---- Exercise materials
(* [D_(2K) = D_K^2 O_(2K)] in characteristic 2, and both [D] and [O] are
   stable modulo [X^M] once [M <= K]. *)
Lemma euler_odd_eqmodXn M K : (M <= K)%N ->
  eqmodXn M (\prod_(k < K | (0 < k)%N) (1 + 'X^k) * \prod_(k < K | odd k) (1 + 'X^k))
    (1 : {poly R}).
Proof.
move=> le_MK; set D := \prod_(k < K | (0 < k)%N) _.
have D_sq : D * D = \prod_(k < 2 * K | (2 %| k)%N && (0 < k)%N) (1 + 'X^k).
  rewrite (@big_ord_dvdn _ _ _ 2 K (fun k => 0 < k)%N (fun k => 1 + 'X^k)) // -big_split /=.
  apply: eq_big => [k | k _]; first by rewrite muln_gt0.
  exact: mul_1DXn_pchar2.
have D2K : \prod_(k < 2 * K | (0 < k)%N) (1 + 'X^k) =
    D * (D * \prod_(k < 2 * K | odd k) (1 + 'X^k)).
  rewrite mulrA D_sq (bigID (fun k : 'I_(2 * K) => 2 %| k)%N) /=.
  congr (_ * _); apply: eq_bigl => k; first by rewrite andbC.
  by rewrite dvdn2 negbK; case: (nat_of_ord k).
have le_M2K : (M <= K <= 2 * K)%N by rewrite le_MK leq_pmull.
rewrite -(eqmodXn_mul2l _ _ _ (_ : D.[0] != 0)); last by rewrite prod_1DXn_horner0 ?oner_neq0.
apply: (@eqmodXn_trans _ _ _ (D * (D * \prod_(k < 2 * K | odd k) (1 + 'X^k)))).
  apply/eqmodXnM/eqmodXnM; rewrite ?eqmodXn_refl //.
  exact/eqmodXn_sym/eqmodXn_prod_1DXn.
by rewrite -D2K mulr1 eqmodXn_prod_1DXn.
Qed.

Lemma bgen4_eqmodXn N :
  eqmodXn N.+1 (bgen R 4 N) (\sum_(i < (4 * N.+1).+1) 'X^(jacobi_exp (2 * N.+1) i)).
Proof.
set M := N.+1; set S := \sum_(i < _) _.
pose H : {poly R} := \prod_(k < M | ~~ (4 %| k)%N) (1 + 'X^k).
pose O : {poly R} := \prod_(k < 8 * M | odd k) (1 + 'X^k).
pose D : {poly R} := \prod_(k < 8 * M | (0 < k)%N) (1 + 'X^k).
have GH : eqmodXn M (bgen R 4 N * H) 1.
  rewrite (_ : H = \prod_(k < M | ~~ (4 %| k)%N) (1 - 'X^k)) ?bgen_eqmodXn //.
  by apply: eq_bigr => k _; rewrite sub1Xn_pchar2.
have SOQ : eqmodXn M S (O * qpoch 'X^4 M) := jacobi_sum_eqmodXn R (ltn0Sn N).
have HQD : eqmodXn M (H * qpoch 'X^4 M) D.
  rewrite qpoch_Xn_prod // (eq_bigr (fun k : 'I_(4 * M.+1) => 1 + 'X^k)) => [|k _]; last first.
    exact: sub1Xn_pchar2.
  rewrite /D (bigID (fun k : 'I_(8 * M) => 4 %| k)%N) /= mulrC; apply: eqmodXnM.
    rewrite (eq_bigl (fun k : 'I_(8 * M) => (4 %| k)%N && (0 < k)%N)) => [|k]; last exact: andbC.
    apply/eqmodXn_sym/(eqmodXn_prod_1DXn _ (fun k => (4 %| k) && (0 < k))%N).
    by rewrite /M; apply/andP; split; lia.
  rewrite (eq_bigl (fun k : 'I_(8 * M) => ~~ (4 %| k)%N)) => [|k].
    by apply/eqmodXn_sym/(eqmodXn_prod_1DXn _ (fun k => ~~ (4 %| k))%N); rewrite leqnn leq_pmull.
  by case: (nat_of_ord k) => [|k']; rewrite ?dvdn0 ?andbT.
have SH : eqmodXn M (S * H) 1.
  apply: eqmodXn_trans (eqmodXnM SOQ (eqmodXn_refl _ H)) _.
  rewrite -mulrA; apply: eqmodXn_trans (eqmodXnM (eqmodXn_refl _ O) _) _.
    by rewrite mulrC; exact: HQD.
  by rewrite mulrC euler_odd_eqmodXn // leq_pmull.
rewrite -[X in eqmodXn _ X _]mulr1.
apply: eqmodXn_trans (eqmodXnM (eqmodXn_refl _ _) (eqmodXn_sym SH)) _.
by rewrite mulrCA -[X in eqmodXn _ _ X]mulr1; apply: eqmodXnM (eqmodXn_refl _ _) GH.
Qed.

End CharacteristicTwo.

Lemma b4_even N : (forall x, 8 * N + 1 != x * x) -> 2 %| b 4 N.
Proof.
have char2 := pchar_Fp (isT : prime 2).
move=> nsq; rewrite (dvdn_pcharf char2) b_coef (coef_eqmodXn (bgen4_eqmodXn char2 N)) //.
rewrite coef_sum big1 // => i _; rewrite coefXn.
have [x sqx] := jacobi_exp_sqr (2 * N.+1) i.
by case: eqP => // eN; move: (nsq x); rewrite eN sqx eqxx.
Qed.

Lemma logn_sqr_nodd p x : ~~ odd (logn p (x * x)).
Proof.
have [-> | x_gt0] := posnP x; first by rewrite logn0.
by rewrite lognM // addnn odd_double.
Qed.

Lemma logn_pexpM p a u : prime p -> ~~ (p %| u) -> logn p (p ^ a * u) = a.
Proof.
move=> p_pr ndvd_pu; have u_gt0 : 0 < u by case: u ndvd_pu; rewrite ?dvdn0.
by rewrite lognM ?u_gt0 ?expn_gt0 ?prime_gt0 // pfactorK // logn_coprime ?addn0 ?prime_coprime.
Qed.

Lemma pexpM_neq_sqr p a u x : prime p -> odd a -> ~~ (p %| u) -> p ^ a * u != x * x.
Proof.
move=> p_pr odd_a ndvd_pu; apply/eqP => e.
by move: (logn_sqr_nodd p x); rewrite -e logn_pexpM // odd_a.
Qed.

Lemma sqr_odd_mod8 p : odd p -> p ^ 2 = 1 %[mod 8].
Proof.
rewrite -modnXm -(@odd_mod p 8) //.
by case: (p %% 8) (ltn_pmod p (isT : 0 < 8)) => [|[|[|[|[|[|[|[|r]]]]]]]].
Qed.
--------
__What the task asks__
Return all lines of the data in which the string "Lemma" appears.

__Solution to the problem__
Lemma euler_odd_eqmodXn M K : (M <= K)%N ->
Lemma bgen4_eqmodXn N :
Lemma b4_even N : (forall x, 8 * N + 1 != x * x) -> 2 %| b 4 N.
Lemma logn_sqr_nodd p x : ~~ odd (logn p (x * x)).
Lemma logn_pexpM p a u : prime p -> ~~ (p %| u) -> logn p (p ^ a * u) = a.
Lemma pexpM_neq_sqr p a u x : prime p -> odd a -> ~~ (p %| u) -> p ^ a * u != x * x.
Lemma sqr_odd_mod8 p : odd p -> p ^ 2 = 1 %[mod 8].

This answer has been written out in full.